Things to do in Cyprus in the winter
There is so much more to Cyprus than just beaches, there’s a huge range of cultural activities, historical sites, pretty villages and gorgeous restaurants to be discovered. Read my guide on having a Cyprus winter sun break and get inspired for your next trip.
Cyprus Jeep excursion
Spend an afternoon having a guided jeep excursion in Cyprus. It’s a fantastic way to cover a lot of ground and learn more about the island. We went on a jeep tour with ‘George’s jeep safari’ and went off-roading around the beautiful Akamas Peninsula and secluded Lara Beach.
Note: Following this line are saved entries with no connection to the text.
(* Let $p\in\{2,3\}$ and $D=A\times B$ with $A=\langle a\rangle$, $B=\langle b\rangle$, $|a|=|b|=p$. If $\mathcal{A}$ is an $S$-ring over $D$, then one of the following holds: (1) $\mathcal{A}$ has rank $2$; (2) $\mathcal{A}$ is the tensor product of two $S$-rings over cyclic groups of order $p$; (3) $\mathcal{A}$ is the wreath product of two $S$-rings over cyclic groups of order $p$; (4) $p=3$ and $\mathcal{A}=\mathrm{Cyc}(K,D)$, where $K=\{\varepsilon,\delta\}$, $\delta:x\mapsto x^{-1}$; (5) $p=3$ and $\mathcal{A}\cong_{\mathrm{Cay}}\mathrm{Cyc}(K,D)$, where $K=\langle\sigma\rangle$ and $\sigma\in\mathrm{Aut}(D)$ is given by $a\mapsto b$, $b\mapsto a^2$.
   Context: Let $G$ be a finite group with identity $e$; for $X\subseteq G$ write $\underline{X}=\sum_{x\in X}x\in\mathbb{Z}G$. An $S$-ring over $G$ is a subring $\mathcal{A}\subseteq\mathbb{Z}G$ for which there is a partition $\mathcal{S}(\mathcal{A})$ of $G$ (the basic sets) with $\{e\}\in\mathcal{S}(\mathcal{A})$, $X^{-1}\in\mathcal{S}(\mathcal{A})$ whenever $X\in\mathcal{S}(\mathcal{A})$, and $\mathcal{A}=\mathrm{Span}_{\mathbb{Z}}\{\underline{X}:X\in\mathcal{S}(\mathcal{A})\}$; the rank is $|\mathcal{S}(\mathcal{A})|$. For $S$-rings $\mathcal{A}_1,\mathcal{A}_2$ over $G_1,G_2$ (identities $e_1,e_2$), the tensor product $\mathcal{A}_1\otimes\mathcal{A}_2$ is the $S$-ring over $G_1\times G_2$ with basic sets $X_1\times X_2$ ($X_i\in\mathcal{S}(\mathcal{A}_i)$), and the wreath product $\mathcal{A}_1\wr\mathcal{A}_2$ is the $S$-ring over $G_1\times G_2$ with basic sets $X_1\times\{e_2\}$ ($X_1\in\mathcal{S}(\mathcal{A}_1)$) and $G_1\times X_2$ ($X_2\in\mathcal{S}(\mathcal{A}_2)\setminus\{\{e_2\}\}$); here ''$\mathcal{A}$ is the tensor/wreath product of two $S$-rings over cyclic groups of order $p$'' means it equals such a product for a decomposition of $D$ as an internal direct product of two subgroups of order $p$. For $K\leq\mathrm{Aut}(G)$, $\mathrm{Cyc}(K,G)$ is the $S$-ring whose basic sets are the $K$-orbits on $G$; $\varepsilon$ is the identity. $\mathcal{A}\cong_{\mathrm{Cay}}\mathcal{A}'$ means there is a group isomorphism $f$ with $\{X^f:X\in\mathcal{S}(\mathcal{A})\}=\mathcal{S}(\mathcal{A}')$. *)

From mathcomp Require Import all_boot all_fingroup all_algebra all_solvable.
Set Implicit Arguments. Unset Strict Implicit. Unset Printing Implicit Defensive.
Import GRing.Theory.
Local Open Scope group_scope.

Section SRing.
Variable gT : finGroupType.

(* Elements of the integral group ring are modelled as integer-valued
   functions on gT (their support lies in the ambient group). *)
Definition underline (X : {set gT}) : {ffun gT -> int} :=
  [ffun g => Posz (g \in X)].

Definition gr_mul (f h : {ffun gT -> int}) : {ffun gT -> int} :=
  [ffun g => (\sum_(x : gT) f x * h ((x^-1 * g)%g))%R].

Definition in_span (S : {set {set gT}}) (f : {ffun gT -> int}) : Prop :=
  exists c : {set gT} -> int,
    forall g, f g = (\sum_(X in S) c X * underline X g)%R.

(* S is the set of basic sets of an S-ring over G: a partition of G containing
   {e}, closed under inversion, whose span (the Z-span of the underline X) is
   closed under multiplication (hence is a subring of ZG). *)
Definition is_Sring (G : {group gT}) (S : {set {set gT}}) : Prop :=
  [/\ partition S G, [set 1] \in S,
      (forall X, X \in S -> X^-1 \in S) &
      (forall X Y, X \in S -> Y \in S ->
         in_span S (gr_mul (underline X) (underline Y)))].

Definition sring_rank (S : {set {set gT}}) : nat := #|S|.

(* basic sets of the tensor product of S1 over A1 and S2 over A2
   (inside the internal direct product A1 x A2, X1 x X2 is X1 * X2) *)
Definition tensor_bs (S1 S2 : {set {set gT}}) : {set {set gT}} :=
  [set X1 * X2 | X1 in S1, X2 in S2].

Definition wreath_bs (A1 : {set gT}) (S1 S2 : {set {set gT}}) : {set {set gT}} :=
  S1 :|: [set A1 * X2 | X2 in S2 :\ [set 1]].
The Akamas Peninsula is one of the undeveloped and beautiful parts of Cyprus. Exploring the area requires four-wheel drive off-roading, a keen sense of adventure as well as tolerance for dirt tracks and potholes. We bumped along dirt roads and gazed out towards rugged and remote scenery as our driver gave us a rundown of Cypriot history and facts.
Lara Beach Cyprus
We then went to explore Lara Beach, this remote beach is home to green and loggerhead sea turtles, who come to lay their eggs on the beach. As a result of this, loungers and umbrellas are not allowed on Lara beach in order to protect nesting turtles. We didn’t see any turtles as it was the wrong time of year. This is surely a great excuse to come back to Cyprus thought? The soft sands and crystal clear waters make this quiet beach utterly picturesque and definitely worth a visit. In order to access Lara Beach and the Akamas Peninsula you either need to hike, rent a 4WD or book a jeep safari. Do not attempt the dirt roads in a small rental car, you will get stuck! You can also rent a Quad Bike or Beach Buggy and discover the scenic beauty at your own pace.
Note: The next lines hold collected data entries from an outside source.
Lemma bolzano_weierstrass_fin {R : realType} {I : finType} (u : nat -> I -> R) (B : R) :
  (forall n i, `|u n i| <= B) ->
  exists2 f : nat -> nat, increasing_seq f &
    exists p : I -> R, forall i, u (f n) i @[n --> \oo] --> p i.
Proof.
move=> uB.
suff [f f_incr /(_ _ (mem_enum _ _)) f_cvg] : exists2 f : nat -> nat, increasing_seq f &
    forall i, i \in enum I -> cvgn (fun n => u (f n) i).
  have [p p_cvg] := choice (fun i => (cvg_ex _).1 (f_cvg i)).
  by exists f => //; exists p.
elim: (enum I) => [|j s [f f_incr f_cvg]]; first by exists id.
have bounded_j : bounded_fun (fun n => u (f n) j).
  exists B; split; first exact: num_real.
  by move=> b Bb n _; exact: le_trans (uB _ _) (ltW Bb).
have [g g_incr g_cvg] := bolzano_weierstrass bounded_j.
exists (f \o g); first exact: increasing_seq_comp.
move=> i; rewrite in_cons => /orP[/eqP -> //|/f_cvg /cvg_ex[l fl]].
by apply/cvg_ex; exists l; exact: (cvg_subseq (fun n => u (f n) i)).
Qed.

Lemma cvg_sum_fin {R : numFieldType} {I : finType} {T : Type} {F : set_system T}
    {FF : Filter F} (f : I -> T -> R) (g : I -> R) :
  (forall i, f i x @[x --> F] --> g i) -> \sum_i f i x @[x --> F] --> \sum_i g i.
Proof. by move=> fg; apply: cvg_big => //; exact: add_continuous. Qed.

Lemma cvg_rV {R : realType} {n : nat} {T : Type} {F : set_system T} {FF : Filter F}
    (v : T -> 'rV[R]_n) (p : 'rV[R]_n) :
  (forall i, v x ord0 i @[x --> F] --> p ord0 i) -> v x @[x --> F] --> p.
Proof.
move=> v_cvg; apply/cvg_mx_entourageP => A entA.
have near_ij (ij : 'I_1 * 'I_n) : \forall x \near F, (p ij.1 ij.2, v x ij.1 ij.2) \in A.
  case: ij => i j /=; rewrite (ord1 i).
  have /cvg_entourageP /(_ A entA) := v_cvg j.
  by rewrite near_map; apply: filterS => x; rewrite inE.
by apply: filterS (filter_forall _ near_ij) => x xA i j; exact: (xA (i, j)).
Qed.

Lemma ler_sum_term {R : numDomainType} {I : finType} (F : I -> R) i :
  (forall j, 0 <= F j) -> F i <= \sum_j F j.
Proof. by move=> F_ge0; rewrite (bigD1 i) //= lerDl sumr_ge0. Qed.

Lemma sum2_sqr_ge0 {R : realDomainType} {m n : nat} (F : 'I_m -> 'I_n -> R) :
  0 <= \sum_(i < m) \sum_(j < n) F i j ^+ 2.
Proof. by rewrite sumr_ge0 // => i _; rewrite sumr_ge0 // => j _; exact: sqr_ge0. Qed.

Lemma ler_sum_term_lbound {R : realDomainType} {I : finType} (F : I -> R) (G L : R) i :
  0 <= L -> (forall j, - L <= F j) -> \sum_j F j <= G -> F i <= G + #|I|%:R * L.
Proof.
move=> L_ge0 FL; rewrite (bigD1 i) //= => sum_le.
have : - (#|I|%:R * L) <= \sum_(j | j != i) F j.
  apply: le_trans (ler_sum _ (fun j _ => FL j)).
  rewrite sumr_const mulNrn -[L *+ _]mulr_natl lerN2 ler_wpM2r // ler_nat.
  exact: max_card.
lra.
Qed.

Lemma weighted_sum_term_le_max {R : realFieldType} {I : finType} (e w : I -> R)
    (E L k0 G : R) :
  0 < k0 -> 0 <= E -> 0 <= L -> (forall j, 0 <= e j) ->
  (forall j, (e j <= E /\ - L <= w j) \/ k0 <= w j) ->
  \sum_j e j * w j <= G ->
  forall i, e i <= Num.max E ((G + #|I|%:R * (E * L)) / k0).
Proof.
move=> k0_gt0 E_ge0 L_ge0 e_ge0 ew sum_le i.
have ew_ge j : - (E * L) <= e j * w j.
  by have := e_ge0 j; case: (ew j) => [[ejE wjL]|k0w] ej_ge0; nra.
have := ler_sum_term_lbound _ _ _ i (mulr_ge0 E_ge0 L_ge0) ew_ge sum_le.
rewrite le_max; case: (ew i) => [[-> //]|k0w] ew_le; apply/orP; right.
rewrite ler_pdivlMr //; apply: le_trans ew_le; rewrite ler_wpM2l //.
Qed.

Lemma enorm_ge0 {R : realType} {n : nat} (v : 'rV[R]_n) : 0 <= enorm v.
Proof. exact: sqrtr_ge0. Qed.

Lemma enorm0 {R : realType} {n : nat} : enorm (0 : 'rV[R]_n) = 0.
Proof. by rewrite /enorm big1 ?sqrtr0 // => i _; rewrite mxE expr0n. Qed.

Lemma enorm_eq0 {R : realType} {n : nat} (v : 'rV[R]_n) : (enorm v == 0) = (v == 0).
Proof.
apply/idP/idP => [|/eqP ->]; last by rewrite enorm0.
rewrite /enorm sqrtr_eq0 => sum_le0.
have /eqP : \sum_(i < n) v ord0 i ^+ 2 = 0.
  by apply/eqP; rewrite eq_le sum_le0 sumr_ge0 // => i _; exact: sqr_ge0.
rewrite psumr_eq0 => [/allP v0|i _]; last exact: sqr_ge0.
apply/eqP/rowP => i; rewrite !mxE; apply/eqP; rewrite -sqrf_eq0.
exact: v0 i (mem_index_enum i).
Qed.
Laona Valley region Cyprus
We continued on driving towards the Laona Valley region, home to some of the prettiest villages in Cyprus. I loved whizzing past the course, mountainous views and stopping to take some snaps of the scenery around us. The best part of doing a guided tour is that you knot only get a lot of information from your knowledgeable driver, but you also get to cover a lot of ground in a short space of time. This is ideal if you are on a short winter break in Cyprus. You can book a jeep tour for Cyprus online so that you can get a great deal in advance!
Why not book a tour of Cyprus?
Strolling around Paphos harbour with its gentle sea breeze and turquoise blue water is a relaxing way to spend an afternoon. Stop for a cocktail or a glass of local wine at one of the many bars and eateries on the waterfront. I have been informed it can get quite lively in the evening, so get your dancing shoes on darlings and hit those tavernas! You can also jump aboard a glass bottom boat for a trip around the harbour seas to try and spot wildlife and shipwrecks.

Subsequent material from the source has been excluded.